As I explained to Christina and her parents, treatments for anxiety and depression include cognitive-behavior therapy (CBT) and SSRI medications such as Prozac or Zoloft.

But I was fairly certain that these measures might not work for her unless we could resolve a conflict far more nightmarish than getting her to come to therapy and take a daily pill.

So I asked her a question that isn't included on most psychological diagnostic interviews, but ought to be.

The Solution:

'What time do you go to bed on school nights?" I asked this young woman.

"Umm . . . 1:30?" came her response.

"And what time do you try to wake up for school in the mornings?"

"Uh . . . 6:30."

That's five hours of sleep. This is what I hear all the time from teenagers, but it still makes me cringe.

Because, you see, teens aren't just slightly shorter adults. Five hours of sleep isn't enough for anyone, but teenage brains are still developing in crucial ways and they need about 9 hours of sleep a night. Around the time they hit puberty, their brains begin to delay the secretion of melatonin-a hormone related to sleep onset-by two to three hours.

So, across the world, the teenage brain has physical difficulty falling asleep before 11 p.m. and a hard time waking itself up until around 8 a.m. This is a biological change that happens to just about all teenagers and explains why they - unlike grade school children - suddenly start going to bed later and become impossible to rouse in the morning.

Yet of all the grade levels, high school usually is assigned the earliest start times, when what teens really need is to sleep later.

In Christina's case, she had to wake up at 6:30 in order to make it to the bus for a school day that started at 7:50 am. She tried to make up for it by sleeping in on the weekends, which doesn't make up for lost sleep and can actually make the situation worse.
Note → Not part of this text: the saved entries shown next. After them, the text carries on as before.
(* Infinite words are functions nat -> nat, indexed from 1 as in the paper:
   the word x_1 x_2 x_3 ... is represented by x with x i = x_i for i >= 1;
   the value x 0 is irrelevant. *)

Definition asbool (P : Prop) : bool :=
  if excluded_middle_informative P then true else false.

Definition alt_lt (x y : nat -> nat) : Prop :=
  exists k, 0 < k /\ (forall i, 0 < i < k -> x i = y i) /\
    (if odd k then y k < x k else x k < y k).

Definition alt_le (x y : nat -> nat) : Prop :=
  (forall i, 0 < i -> x i = y i) \/ alt_lt x y.

Definition suffix (x : nat -> nat) (n : nat) : nat -> nat :=
  fun i => x (n + i - 1).

Definition alt_lyndon (d : nat -> nat) : Prop :=
  forall n, 0 < n -> alt_le d (suffix d n).

Definition in_M (d x : nat -> nat) : Prop :=
  (forall i, 0 < i -> x i <= d 1) /\
  (forall k, 0 < k -> alt_le d (suffix x k)).

Definition in_L (d : nat -> nat) (w : seq nat) : Prop :=
  exists x, in_M d x /\
    exists k, 0 < k /\ (forall i, i < size w -> nth 0 w i = x (k + i)).

Definition H (d : nat -> nat) (n : nat) : nat :=
  #|[pred w : n.-tuple 'I_(d 1).+1 | asbool (in_L d (map val w))]|.

Definition dz (d : nat -> nat) (k : nat) : nat := if k is 0 then 0 else d k.

From Pilot Require Import Defs.
From Stdlib Require Import ClassicalEpsilon.
From HB Require Import structures.
From mathcomp Require Import all_boot all_order all_algebra.
From mathcomp Require Import zify ring.
Import GRing.Theory Num.Theory.
Theorem proposition1
  (K : Type) (eqdec : forall x y : K, {x = y} + {x <> y})
  (l : list K) (Hnodup : NoDup l) (Hfull : forall x : K, In x l)
  (W : K -> K -> R) (HW : forall x y : K, x <> y -> 0 <= W x y)
  (mu : K -> R) (Hmu_nonneg : forall x : K, 0 <= mu x) (Hmu_sum : sumK l mu = 1)
  (V Q : K -> R) (a b : R)
  (* transition function of the unperturbed process *)
  (P : K -> R -> K -> R)
  (HP : forall x : K, kolmogorov_forward l (fun _ => W) (dirac eqdec x) (P x))
  (h : R -> R) (Hh : twice_differentiable_nonneg h)
  (* pe eps = one-time law of the process with rates W_t for eps*h, from mu *)
  (pe : R -> R -> K -> R)
  (Hpe : forall eps : R,
      kolmogorov_forward l (perturbed_rates W V a b (fun s => eps * h s)) mu (pe eps))
  (t : R) (Ht : 0 < t) :
  exists Ds Dt : R -> R,
    (forall s, 0 < s < t ->
       derivable_pt_lim (fun s' => corr l P mu V Q s' t) s (Ds s)) /\
    (forall s, 0 < s < t ->
       derivable_pt_lim (fun t' => corr l P mu V Q s t') t (Dt s)) /\
    exists pr : Riemann_integrable
        (fun s => h s * (b * Ds s - a * Dt s
                         + b * (corr l P mu V (gen l W Q) s t
                                - corr l P mu (gen l W V) Q s t))) 0 t,
      derivable_pt_lim (fun eps => sumK l (fun x => pe eps t x * Q x)) 0
        (RiemannInt pr).
Proof.
  assert (Hh_cont : forall s, 0 <= s <= t -> continuity_pt h s).
  { destruct Hh as [h1 [h2 Hh12]]. intros s Hs. eapply dcont. apply (Hh12 s); lra. }
  destruct (continuous_bounded h 0 t ltac:(lra) Hh_cont) as [Hb [Hb0 HHb]].
  destruct (mat_bound l Hfull (fun x y => b * V y - a * V x)) as [C [HC0 HC]].
  assert (HZ : forall s x y, 0 <= s <= t -> Rabs (h s * (b * V y - a * V x)) <= Hb * C)
    by (intros; apply Rabs_mult_le; auto).
  exists (Ds K l W P mu V Q t), (Dt K l W P mu V Q t). split; [|split].
  - apply (corr_deriv_s K eqdec l W P HP).
  - apply (corr_deriv_t K eqdec l W P HP).
  - exists (response_integrable K eqdec l W P HP mu V Q a b h t Ht Hh_cont).
    destruct (linear_response_expansion K eqdec l Hnodup Hfull W P HP mu V Q a b h pe Hpe
                t (Hb * C) Ht ltac:(nra) HZ Hh_cont
                (response_integrable K eqdec l W P HP mu V Q a b h t Ht Hh_cont))
      as [d0 [M [Hd0 [HM0 HM]]]].
    exact (derivable_of_quadratic_remainder _ _ d0 M Hd0 HM0 HM).
Qed.
(* [ln p <= ln q + a <= lam ln q] once [ln q] is large, where [lam ^ gamma = 1 + xi]. *)
Lemma Rpower_ln_eventually_le gamma xi a (p q : nat -> R) : 0 < gamma -> 0 < xi ->
  eventually (fun n => 1 < p n) -> (forall B, eventually (fun n => B <= ln (q n))) ->
  eventually (fun n => ln (p n) <= ln (q n) + a) ->
  eventually (fun n => Rpower (ln (p n)) gamma <= (1 + xi) * Rpower (ln (q n)) gamma).
Proof.
  intros Hg Hxi [N2 Hp] Hq [N3 Hpq].
  set (lam := Rpower (1 + xi) (/ gamma)).
  assert (Hlam : 1 < lam).
  { pose proof (Rpower_lt (1 + xi) 0 (/ gamma) ltac:(lra) (Rinv_0_lt_compat _ Hg)) as X.
    rewrite Rpower_O in X by lra. exact X. }
  assert (Hlg : Rpower lam gamma = 1 + xi).
  { unfold lam. rewrite Rpower_mult, Rinv_l by lra. apply Rpower_1. lra. }
  destruct (Hq (Rmax 1 (a / (lam - 1)))) as [N1 HN1].
  exists (Nat.max N1 (Nat.max N2 N3)). intros n Hn.
  specialize (HN1 n ltac:(lia)). specialize (Hp n ltac:(lia)). specialize (Hpq n ltac:(lia)).
  set (Lq := ln (q n)) in *.
  assert (HLq1 : 1 <= Lq) by (eapply Rle_trans; [apply Rmax_l|exact HN1]).
  assert (Ha : a <= (lam - 1) * Lq).
  { assert (HLa : a / (lam - 1) <= Lq) by (eapply Rle_trans; [apply Rmax_r|exact HN1]).
    apply Rmult_le_compat_l with (r := lam - 1) in HLa; [|lra].
    replace ((lam - 1) * (a / (lam - 1))) with a in HLa by (field; lra). lra. }
  assert (Hlp : 0 < ln (p n)) by (rewrite <- ln_1; apply ln_increasing; lra).
  eapply Rle_trans.
  - apply Rle_Rpower_l; [lra|]. split; [exact Hlp|]. instantiate (1 := lam * Lq). nra.
  - rewrite <- Rpower_mult_distr, Hlg by lra. lra.
Qed.

Lemma upper_parameters Phi e K : 0 <= Phi -> 0 < e -> 1 <= K ->
  exists eta delta, 0 < eta /\ 0 < delta /\
    (1 + eta) * Phi ^ 2 + (1 + / eta) * K ^ 2 * delta ^ 2 <= (Phi + e / 2) ^ 2.
Proof.
  intros HP He HK.
  set (eta := e / (4 * (Phi + 1))).
  assert (Heta : 0 < eta) by (apply Rdiv_lt_0_compat; lra).
  exists eta, (e * eta / (2 * K * (1 + eta))).
  split; [auto|split; [apply Rdiv_lt_0_compat; nra|]].
  replace ((1 + / eta) * K ^ 2 * (e * eta / (2 * K * (1 + eta))) ^ 2)
    with (e ^ 2 * eta / (4 * (1 + eta))) by (field; lra).
  assert (E2 : eta * Phi ^ 2 <= e * Phi / 4).
  { apply (Rmult_le_reg_r (4 * (Phi + 1))); [lra|].
    unfold eta. field_simplify; [|lra]. nra. }
  assert (E3 : e ^ 2 * eta / (4 * (1 + eta)) <= e ^ 2 / 4).
  { apply (Rmult_le_reg_r (4 * (1 + eta))); [lra|].
    field_simplify; [|lra]. nra. }
  nra.
Qed.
No amount of therapy or medication would change the fact that she was chronically sleep-deprived, I told Christina's parents.

"Remember what your sleep was like when she was a newborn?" I asked them. "Would any amount of therapy or antidepressants have made you less miserable or more able to function?"

The family quickly agreed to find any way possible to help Christina get to bed earlier and sleep later on weekdays. Given her busy schedule of sports and homework and life and her school's stubborn refusal to start any later than 7:50, I thought this would be impossible.

For most families, it would have been. But Christina and her family managed together to increase her sleep to about 8.5 hours on school nights. This involved (among many other things) parents being able to take her to school and the entire family turning off all electronics at 9 p.m.

Most important, Christina herself complied with the sleep rules in a way I've never seen a teenager manage.

We also added therapy and medication. And Christina got better.

But I wonder whether she would have done just as well if we had focused solely on increasing her sleep. Would this teen, and so many others like her, ever have become anxious and depressed if the school start-times we assigned allowed them enough sleep in the first place?

In 2014, the American Academy of Pediatrics declared that no middle or high school should start before 8:30 a.m. This was based on the overwhelming evidence of how sleep-deprived our teens are and how devastating the effects on their mental health, physical health, academic achievement, and simple ability to stay awake while driving a car.

But only about 15 percent of public high schools follow that medical advice. Is your teen's school one of them?

Katherine Dahlsgaard is lead psychologist of the Anxiety Behaviors Clinic at Children's Hospital of Philadelphia.